Apropriadamente chamado em inglês de short story, ou história curta, podemos definir o conto de forma muito simples, pois é a estrutura da imensa maioria das narrativas assim classificadas: o conto tem uma história bem definida, poucos personagens, tempo e ação muito concentrados, passados num só ambiente. Isso nos remete à tríplice unidade pretendida por Aristóteles: que a história narrada tenha uma ação bem definida, um só episódio, com poucas personagens; passe-se num tempo curto, fácil de mensurar; e que se passe num só ambiente ou lugar.
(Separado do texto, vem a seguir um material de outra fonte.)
(* Let $G$ be a discrete abelian group (written additively), $\alpha\in\mathcal C_c(G,\mathbf k)$, and consider the convolution equation $\sigma(s)=\alpha\star s$, i.e. $s_g^{(t+1)}=\sum_{h\in G}\alpha_h^{(t)}s_{g-h}^{(t)}$. Let $L^{\rm per}$ be the smallest $\sigma$-subring of ${\rm Seq}(\mathbf C)$ containing $\mathbf k$ and all values $s_g^{(t)}$ of solutions $s$ that are $H$-periodic for some subgroup $H$ of finite index in $G$. Then $$L^{\rm per}=\mathbf k\Big[\prod_{\tau=0}^{t-1}\hat\alpha_\theta^{(\tau)} : \theta\in{\rm Tor}(\widehat G)\Big],$$ where for $\theta\in\widehat G$, $\hat\alpha_\theta^{(\tau)}=\sum_{g\in G}\alpha^{(\tau)}_g\theta(g)$ and $\prod_{\tau=0}^{t-1}\hat\alpha^{(\tau)}_\theta$ denotes the sequence indexed by $t$.
   Context: ${\rm Seq}(\mathbf C)$ is the ring of complex sequences indexed by $t\in\mathbf Z_{\ge0}$ with shift $\sigma(x)^{(t)}=x^{(t+1)}$; $\mathbf k\subseteq{\rm Seq}(\mathbf C)$ is a $\sigma$-stable subring with constants $\mathbf C$; $\mathcal C_c(G,\mathbf k)$ is the set of finitely supported functions $G\to\mathbf k$. A function $s:G\to{\rm Seq}(\mathbf C)$ is $H$-periodic if $s_{g}=s_{g+h}$ for all $g\in G$, $h\in H$. $\widehat G$ is the group of homomorphisms $G\to\mathbf S^1\subset\mathbf C^*$ and ${\rm Tor}(\widehat G)$ its subgroup of finite-order elements. *)

From HB Require Import structures.
From mathcomp Require Import all_boot all_order all_algebra.
From mathcomp Require Import boolp classical_sets cardinality fsbigop reals.
From mathcomp Require Import complex.
Set Implicit Arguments. Unset Strict Implicit. Unset Printing Implicit Defensive.
Import Order.TTheory GRing.Theory Num.Theory.
Local Open Scope ring_scope.
Local Open Scope classical_set_scope.
(* Let $\widetilde\omega:=\exp\bigl(2\int_0^1\ln K(x)\,dx\bigr)$. Then for every integer $n\ge1$ and every $x>0$, $$K(nx)=n^{\frac12nx(nx-1)+\frac1{12}}\;\widetilde\omega^{-\frac12(n^2-1)}\prod_{j=0}^{n-1}K\Bigl(x+\frac jn\Bigr)^n .$$
   Context: $K$ is the Kinkelin function: for $x>0$, $\ln K(x)=\int_0^x\ln\Gamma(t)\,dt+\frac{x(x-1)}{2}-\frac x2\ln 2\pi$; it satisfies $K(1)=1$, $K(x+1)=x^xK(x)$, and $\ln K$ extends continuously to $x=0$ with $K(0)=1$. *)

From Stdlib Require Import Reals.
From Coquelicot Require Import Coquelicot.
Open Scope R_scope.

Definition Gamma (t : R) : R :=
  RInt_gen (fun u => Rpower u (t - 1) * exp (- u)) (at_right 0) (Rbar_locally p_infty).

Definition lnK (x : R) : R :=
  RInt_gen (fun t => ln (Gamma t)) (at_right 0) (at_point x)
  + x * (x - 1) / 2 - x / 2 * ln (2 * PI).

Definition K (x : R) : R := exp (lnK x).

Definition omega_t : R := exp (2 * RInt lnK 0 1).

Fixpoint prodR (n : nat) (f : nat -> R) : R :=
  match n with
  | O => 1
  | S k => prodR k f * f k
  end.

(* Let Lambda be the closed form of ln K obtained from Raabe's integral
   int_x^(x+1) ln Gamma = ln(2 pi)/2 + x ln x - x, so that Lambda (x + 1) = Lambda x + x ln x.
   Raabe's constant comes from the duplication formula and Gamma(1/2) = sqrt pi, and Gauss's
   multiplication formula for Gamma follows from the Bohr-Mollerup uniqueness of log-convex
   solutions of f(x + 1) = f(x) + ln x.  By the multiplication formula the defect
   F(x) = Lambda(nx) - n sum_j Lambda(x + j/n) - (nx(nx - 1)/2) ln n has constant derivative,
   and by the functional equation of Lambda it is 1/n-periodic; hence F is constant, and
   integrating it over [0, 1] gives F = (1 - n^2) int_0^1 ln K + (ln n)/12, which is the
   logarithm of the claimed identity. *)

From Stdlib Require Import Reals Lra Lia Classical.
From Coquelicot Require Import Coquelicot.
Open Scope R_scope.

Lemma ball_R_abs (x e y : R) : ball x e y <-> Rabs (y - x) < e.
Proof. reflexivity. Qed.

Ltac ball_bounds H :=
  apply ball_R_abs in H; simpl in H; apply Rabs_def2 in H;
  unfold minus, plus, opp in H; simpl in H.

Lemma ex_derive_continuous_R (f : R -> R) (x : R) : ex_derive f x -> continuous f x.
Proof. apply (ex_derive_continuous (K:=R_AbsRing) (V:=R_NormedModule)). Qed.

Lemma ex_RInt_continuous_R (f : R -> R) a b :
  (forall z, Rmin a b <= z <= Rmax a b -> continuous f z) -> ex_RInt f a b.
Proof. apply (ex_RInt_continuous (V:=R_CompleteNormedModule)). Qed.

Lemma is_derive_0_eq (f : R -> R) a b :
  (forall x, Rmin a b <= x <= Rmax a b -> is_derive f x 0) -> f b = f a.
Proof.
  intros Hd.
  assert (H1 : is_RInt (fun _ : R => 0) a b (minus (f b) (f a))).
  { apply (is_RInt_derive (V:=R_CompleteNormedModule)); [exact Hd | intros; apply continuous_const]. }
  pose proof (is_RInt_const (V:=R_NormedModule) a b 0) as H2.
  apply (is_RInt_unique (V:=R_CompleteNormedModule)) in H1, H2. rewrite H1 in H2.
  unfold minus, plus, opp, scal in H2; simpl in H2; unfold mult in H2; simpl in H2. lra.
Qed.

Lemma RInt_derive_interior (f F : R -> R) (a b d : R) :
  a <= b -> 0 < d ->
  (forall x, a - d < x < b + d -> continuous f x) ->
  continuous F a -> continuous F b ->
  (forall x, a < x < b -> is_derive F x (f x)) ->
  RInt f a b = F b - F a.
Proof.
  (* mean value theorem for s |-> RInt f a s - F s, whose derivative vanishes inside (a, b) *)
  intros Hab Hd Hf HFa HFb HF.
  assert (Hloc : forall x, a - d < x < b + d -> locally x (fun z => is_RInt f a z (RInt f a z))).
  { intros x Hx.
    assert (Hp : 0 < Rmin (x - (a - d)) (b + d - x)) by (apply Rmin_glb_lt; lra).
    exists (mkposreal _ Hp). intros z Hz. ball_bounds Hz.
    pose proof (Rmin_l (x - (a - d)) (b + d - x)). pose proof (Rmin_r (x - (a - d)) (b + d - x)).
    apply (RInt_correct (V:=R_CompleteNormedModule)), ex_RInt_continuous_R.
    intros w Hw. apply Hf. split.
    - apply Rlt_le_trans with (Rmin a z); [apply Rmin_glb_lt|]; lra.
    - apply Rle_lt_trans with (Rmax a z); [|apply Rmax_lub_lt]; lra. }
  destruct (MVT_gen (fun s => RInt f a s - F s) a b (fun _ => 0)) as [c [_ Hc]].
  - intros x Hx. rewrite Rmin_left, Rmax_right in Hx by lra.
    replace 0 with (f x - f x) by ring.
    apply (is_derive_minus (fun s => RInt f a s) F); [|apply HF, Hx].
    apply (is_derive_RInt f (fun s => RInt f a s) a x); [apply Hloc | apply Hf]; lra.
  - intros x Hx. rewrite Rmin_left, Rmax_right in Hx by lra.
    apply continuity_pt_filterlim.
    apply (continuous_minus (fun s => RInt f a s) F x); [apply (continuous_RInt_1 f a x), Hloc; lra|].
    destruct (Req_dec x a) as [-> | Hxa]; [exact HFa|].
    destruct (Req_dec x b) as [-> | Hxb]; [exact HFb|].
    apply ex_derive_continuous_R. eexists. apply HF. lra.
  - rewrite RInt_point, Rmult_0_l in Hc. unfold zero in Hc; simpl in Hc. lra.
Qed.

Lemma is_RInt_affine (f : R -> R) u v a b : u <> 0 -> ex_RInt f (u * a + v) (u * b + v) ->
  is_RInt (fun y => f (u * y + v)) a b (/ u * RInt f (u * a + v) (u * b + v)).
Proof.
  intros Hu Hex.
  apply (is_RInt_ext (fun y => scal (/ u) (scal u (f (u * y + v))))).
  - intros y _. unfold scal; simpl; unfold mult; simpl. field. exact Hu.
  - apply (is_RInt_scal (V:=R_NormedModule)), (is_RInt_comp_lin (V:=R_NormedModule)).
    apply (RInt_correct (V:=R_CompleteNormedModule)), Hex.
Qed.

Lemma RInt_shift (f : R -> R) c a b : ex_RInt f (a + c) (b + c) ->
  RInt (fun t => f (t + c)) a b = RInt f (a + c) (b + c).
Proof.
  intros Hex. apply is_RInt_unique.
  replace (RInt f (a + c) (b + c)) with (/ 1 * RInt f (1 * a + c) (1 * b + c))
    by (rewrite Rinv_1, !Rmult_1_l; reflexivity).
  apply (is_RInt_ext (fun t => f (1 * t + c))); [intros; rewrite Rmult_1_l; reflexivity|].
  apply is_RInt_affine; [lra | rewrite !Rmult_1_l; exact Hex].
Qed.

Lemma between_pos a b x : 0 < a -> 0 < b -> Rmin a b <= x <= Rmax a b -> 0 < x.
Proof. intros Ha Hb Hx. apply Rlt_le_trans with (Rmin a b); [apply Rmin_glb_lt|]; lra. Qed.

Lemma exp_le_compat x y : x <= y -> exp x <= exp y.
Proof. intros [H | ->]; [left; apply exp_increasing; exact H | right; reflexivity]. Qed.

Lemma exp_opp_le_1 u : 0 <= u -> exp (- u) <= 1.
Proof. intros H. rewrite <- exp_0. apply exp_le_compat. lra. Qed.

Lemma ln_le_minus_1 x : 0 < x -> ln x <= x - 1.
Proof. intros Hx. pose proof (exp_ineq1_le (ln x)) as H. rewrite exp_ln in H by lra. lra. Qed.

Lemma ln_of_nonpos x : x <= 0 -> ln x = 0.
Proof. intros H. unfold ln. case (Rlt_dec 0 x); intros; [exfalso; lra | reflexivity]. Qed.

Lemma ln_div_1_le x y : 0 < x -> 0 < y -> ln x - ln y <= x / y - 1.
Proof.
  intros Hx Hy. pose proof (ln_le_minus_1 (x / y) ltac:(apply Rdiv_lt_0_compat; lra)) as H.
  unfold Rdiv in H. rewrite ln_mult, ln_Rinv in H by (try apply Rinv_0_lt_compat; lra). exact H.
Qed.

Lemma exp_convex l X Y : 0 <= l <= 1 ->
  exp (l * X + (1 - l) * Y) <= l * exp X + (1 - l) * exp Y.
Proof.
  intros Hl. set (w := l * exp X + (1 - l) * exp Y).
  pose proof (exp_pos X). pose proof (exp_pos Y).
  assert (Hw : 0 < w).
  { unfold w. destruct (Rle_lt_dec l 0); [replace l with 0 by lra; lra | nra]. }
  (* tangent line of exp at ln w, averaged over X and Y *)
  pose proof (exp_ineq1_le (X - ln w)) as HX. pose proof (exp_ineq1_le (Y - ln w)) as HY.
  assert (EX : exp X = w * exp (X - ln w)).
  { unfold Rminus. rewrite exp_plus, exp_Ropp, exp_ln by lra. field. lra. }
  assert (EY : exp Y = w * exp (Y - ln w)).
  { unfold Rminus. rewrite exp_plus, exp_Ropp, exp_ln by lra. field. lra. }
  assert (Hle : l * X + (1 - l) * Y <= ln w).
  { assert (Hsum : 1 = l * exp (X - ln w) + (1 - l) * exp (Y - ln w)).
    { apply Rmult_eq_reg_l with w; [|lra]. unfold w at 1. rewrite EX, EY. ring. }
    nra. }
  rewrite <- (exp_ln w) by exact Hw. apply exp_le_compat. exact Hle.
Qed.

Lemma at_right_gt (c : R) : at_right c (fun a => c < a).
Proof. exists (mkposreal 1 Rlt_0_1). intros y _ H. exact H. Qed.

Lemma at_right_lt (c d : R) : c < d -> at_right c (fun a => a < d).
Proof.
  intros H. exists (mkposreal (d - c) ltac:(lra)). intros y Hy _. ball_bounds Hy. lra.
Qed.

Lemma pinfty_gt (c : R) : Rbar_locally p_infty (fun b => c < b).
Proof. exists c. intros; assumption. Qed.

Lemma continuous_at_right (f : R -> R) c :
  continuous f c -> filterlim f (at_right c) (locally (f c)).
Proof.
  intros Hc P HP. destruct (Hc P HP) as [e He]. exists e. intros y Hy _. apply He. exact Hy.
Qed.

Section RealLimits.
Context {T : Type} {F : (T -> Prop) -> Prop} {FF : Filter F}.

Lemma filterlim_R_plus (f g : T -> R) lf lg :
  filterlim f F (locally lf) -> filterlim g F (locally lg) ->
  filterlim (fun x => f x + g x) F (locally (lf + lg)).
Proof.
  intros Hf Hg. apply (filterlim_comp_2 (G:=locally lf) (H:=locally lg) f g plus Hf Hg).
  apply (filterlim_plus (V:=R_NormedModule)).
Qed.

Lemma filterlim_R_scal (f : T -> R) c lf :
  filterlim f F (locally lf) -> filterlim (fun x => c * f x) F (locally (c * lf)).
Proof.
  intros Hf. apply (filterlim_comp _ _ _ f (fun y => c * y) F (locally lf) _ Hf).
  apply (filterlim_scal_r (K:=R_AbsRing) (V:=R_NormedModule) c lf).
Qed.

Lemma filterlim_R_opp (f : T -> R) lf :
  filterlim f F (locally lf) -> filterlim (fun x => - f x) F (locally (- lf)).
Proof.
  intros Hf. apply (filterlim_ext (fun x => -1 * f x)); [intros; ring|].
  replace (- lf) with (-1 * lf) by ring. apply filterlim_R_scal; exact Hf.
Qed.

Lemma filterlim_R_minus (f g : T -> R) lf lg :
  filterlim f F (locally lf) -> filterlim g F (locally lg) ->
  filterlim (fun x => f x - g x) F (locally (lf - lg)).
Proof. intros Hf Hg. apply filterlim_R_plus; [exact Hf | apply filterlim_R_opp; exact Hg]. Qed.

End RealLimits.

Lemma filterlim_prod_fst {Fa Fb : (R -> Prop) -> Prop} {FFb : Filter Fb} (A : R -> R) la :
  filterlim A Fa (locally la) ->
  filterlim (fun ab : R * R => A (fst ab)) (filter_prod Fa Fb) (locally la).
Proof. intros H. apply (filterlim_comp _ _ _ fst A _ Fa); [apply filterlim_fst | exact H]. Qed.

Lemma filterlim_prod_snd {Fa Fb : (R -> Prop) -> Prop} {FFa : Filter Fa} (B : R -> R) lb :
  filterlim B Fb (locally lb) ->
  filterlim (fun ab : R * R => B (snd ab)) (filter_prod Fa Fb) (locally lb).
Proof. intros H. apply (filterlim_comp _ _ _ snd B _ Fb); [apply filterlim_snd | exact H]. Qed.

Lemma monotone_bounded_lim_at_right0 (U : R -> R) (M : R) :
  (forall a a', 0 < a -> a <= a' -> a' <= 1 -> U a' <= U a) ->
  (forall a, 0 < a <= 1 -> U a <= M) ->
  exists l, filterlim U (at_right 0) (locally l) /\ (forall a, 0 < a <= 1 -> U a <= l).
Proof.
  intros Hmono Hb.
  set (E := fun y => exists a, 0 < a <= 1 /\ y = U a).
  assert (HE : bound E) by (exists M; intros y [a [Ha ->]]; apply Hb; exact Ha).
  assert (HE1 : exists y, E y) by (exists (U 1), 1; split; [lra | reflexivity]).
  destruct (completeness E HE HE1) as [m [Hub Hlub]].
  exists m. split.
  - apply filterlim_locally. intros eps.
    destruct (classic (exists a0, 0 < a0 <= 1 /\ m - eps < U a0)) as [[a0 [Ha0 Hlt]] | Hn].
    + exists (mkposreal a0 (proj1 Ha0)). intros y Hy Hy0. ball_bounds Hy. apply ball_R_abs.
      assert (U y <= m) by (apply Hub; exists y; split; [split; lra | reflexivity]).
      assert (U a0 <= U y) by (apply Hmono; lra).
      apply Rabs_def1; lra.
    + exfalso. assert (Hup : is_upper_bound E (m - eps)).
      { intros y [a [Ha ->]]. apply Rnot_lt_le. intros Hlt. apply Hn. exists a. split; assumption. }
      specialize (Hlub _ Hup). destruct eps; simpl in *; lra.
  - intros a Ha. apply Hub. exists a. split; [exact Ha | reflexivity].
Qed.

Lemma monotone_bounded_lim_pinfty (V : R -> R) (M : R) :
  (forall b b', 1 <= b -> b <= b' -> V b <= V b') ->
  (forall b, 1 <= b -> V b <= M) ->
  exists l, filterlim V (Rbar_locally p_infty) (locally l) /\ (forall b, 1 <= b -> V b <= l).
Proof.
  intros Hmono Hb.
  set (E := fun y => exists b, 1 <= b /\ y = V b).
  assert (HE : bound E) by (exists M; intros y [b [Hb' ->]]; apply Hb; exact Hb').
  assert (HE1 : exists y, E y) by (exists (V 1), 1; split; [lra | reflexivity]).
  destruct (completeness E HE HE1) as [m [Hub Hlub]].
  exists m. split.
  - apply filterlim_locally. intros eps.
    destruct (classic (exists b0, 1 <= b0 /\ m - eps < V b0)) as [[b0 [Hb0 Hlt]] | Hn].
    + exists b0. intros y Hy. apply ball_R_abs.
      assert (V y <= m) by (apply Hub; exists y; split; [lra | reflexivity]).
      assert (V b0 <= V y) by (apply Hmono; lra).
      apply Rabs_def1; lra.
    + exfalso. assert (Hup : is_upper_bound E (m - eps)).
      { intros y [b [Hb' ->]]. apply Rnot_lt_le. intros Hlt. apply Hn. exists b. split; assumption. }
      specialize (Hlub _ Hup). destruct eps; simpl in *; lra.
  - intros b Hb'. apply Hub. exists b. split; [exact Hb' | reflexivity].
Qed.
Algumas palavras precisam ser ditas sobre a linguagem do conto – e aqui estamos pensando nos contos desenvolvidos a partir do movimento romântico, no século XIX: narrativa concisa; ausência de digressões; economia de descrições; uso do diálogo, visando objetivar a narrativa. E ponto de vista único – narrativa em primeira pessoa ou por narrador onisciente ou observador.

Mais recentemente, uma nova modalidade de conto surgiu, a partir do conceito de minimalismo – redução ao mínimo dos recursos utilizados –, empregado mais usualmente nas artes plásticas e na música. Chamado de miniconto, microconto ou nanoconto, condensa de tal forma a expressão, que pode ser enunciado numa única frase. Esse radicalismo é uma alegoria do próprio desenvolvimento do conto ao longo dos séculos, em busca da síntese absoluta – ou da batida perfeita.
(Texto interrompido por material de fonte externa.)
(* Converse: with the idempotents e_i = E_i(pi), an integral b with
   b_i = P_i(a_i, conj a_i) is (sum_i E_i(X + Y) P_i(X, Y)) at (a, conj a). *)
Lemma weil_prod_of_components :
    (forall i, weil_gen (c i) (a i)) ->
    (exists m : int, forall i, a i * c i (a i) = m%:~R) ->
    trace_idempotents ->
  weil_gen_prod c a.
Proof.
move=> hW hm he; split => // b; split => [hb | [P hP] k]; last first.
  by rewrite hP; apply/(proj2 ((hW k).2 _)); exists P.
have [Pc hPc] : exists Pc : 'I_n -> {poly {poly int}},
    forall k, b k = eval2 (Pc k) (a k) (c k (a k)).
  apply: (@fin_all_exists _ (fun=> _) (fun k P => b k = eval2 P (a k) (c k (a k)))) => k.
  exact/(proj1 ((hW k).2 (b k))).
have [E hE] := fin_all_exists he.
exists (\sum_(i < n) at_sum (E i) * Pc i) => k.
rewrite eval2E rmorph_sum (bigD1 k) // big1 => [|i ik].
  by rewrite rmorphM zeval2_at_sum hE eqxx mul1r -eval2E -hPc /= addr0.
by rewrite rmorphM zeval2_at_sum hE [k == i]eq_sym (negPf ik) mul0r.
Qed.

End ProductOfCMFields.

Theorem mainTheorem4 (n : nat) (K : 'I_n -> fieldExtType rat)
    (c : forall i, {rmorphism K i -> K i})
    (hCM : forall i, CM_field (c i))
    (a : forall i, K i) (g : 'I_n -> {poly int})
    (hg : forall i, int_minpoly (a i + c i (a i)) (g i)) :
  weil_gen_prod c a <->
  [/\ forall i, weil_gen (c i) (a i),
      exists m : int, forall i, a i * c i (a i) = m%:~R &
      forall i j, i != j -> `|resultant (g i) (g j)| = 1].
Proof.
split => [W | [hW hm hR]]; last first.
  exact: weil_prod_of_components hW hm (resultant_idempotents hg hR).
have g_monic i : g i \is monic.
  exact: int_minpoly_monic (hg i) (weil_prod_trace_integral W i).
split; [exact: weil_prod_component | by case: W |].
exact: idempotents_resultant hg g_monic (weil_prod_idempotents hCM W).
Qed.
No meu blog Palavra do Fingidor publiquei dois livros de nanocontos integralmente: o meu Drops de pimenta e Conto, não-conto & outras inquietações, de Adrino Aragão, além de experiências de Allison Leão, com quem escrevi uma teoria do nanoconto, da qual vou poupá-los, por ser um tanto extensa. Relembro aqui apenas seu desfecho, citando Cortázar:

O romance ganha por pontos; o conto, por nocaute; o nanoconto é um tiro de bala dundum na mente do leitor incauto[5].




[1] Apresentação realizada na manhã de 23 de março de 2013, no Salão do Pensamento Amazônico, na Academia Amazonense de Letras. Publicado no n° 33 da Revista da AAL, em dezembro do mesmo ano.
[2] Apresentação dos livros Caderno do Escritor (Cataguases: Jaraqui, 2012) e O conto à meia luz (Cataguases: FUNCEC, 2010), feita na Academia Amazonense de Letras, na manhã do dia 23/03/2013.
[3] Utilizei trechos do meu livro O conto no Amazonas (Manaus: Valer, 2011. p. 7-13).
[4] Citado por Ênio Tavares, em Teoria Literária: 11ª ed., Belo Horizonte, Rio de Janeiro, Vila Rica Editoras Reunidas, 1996.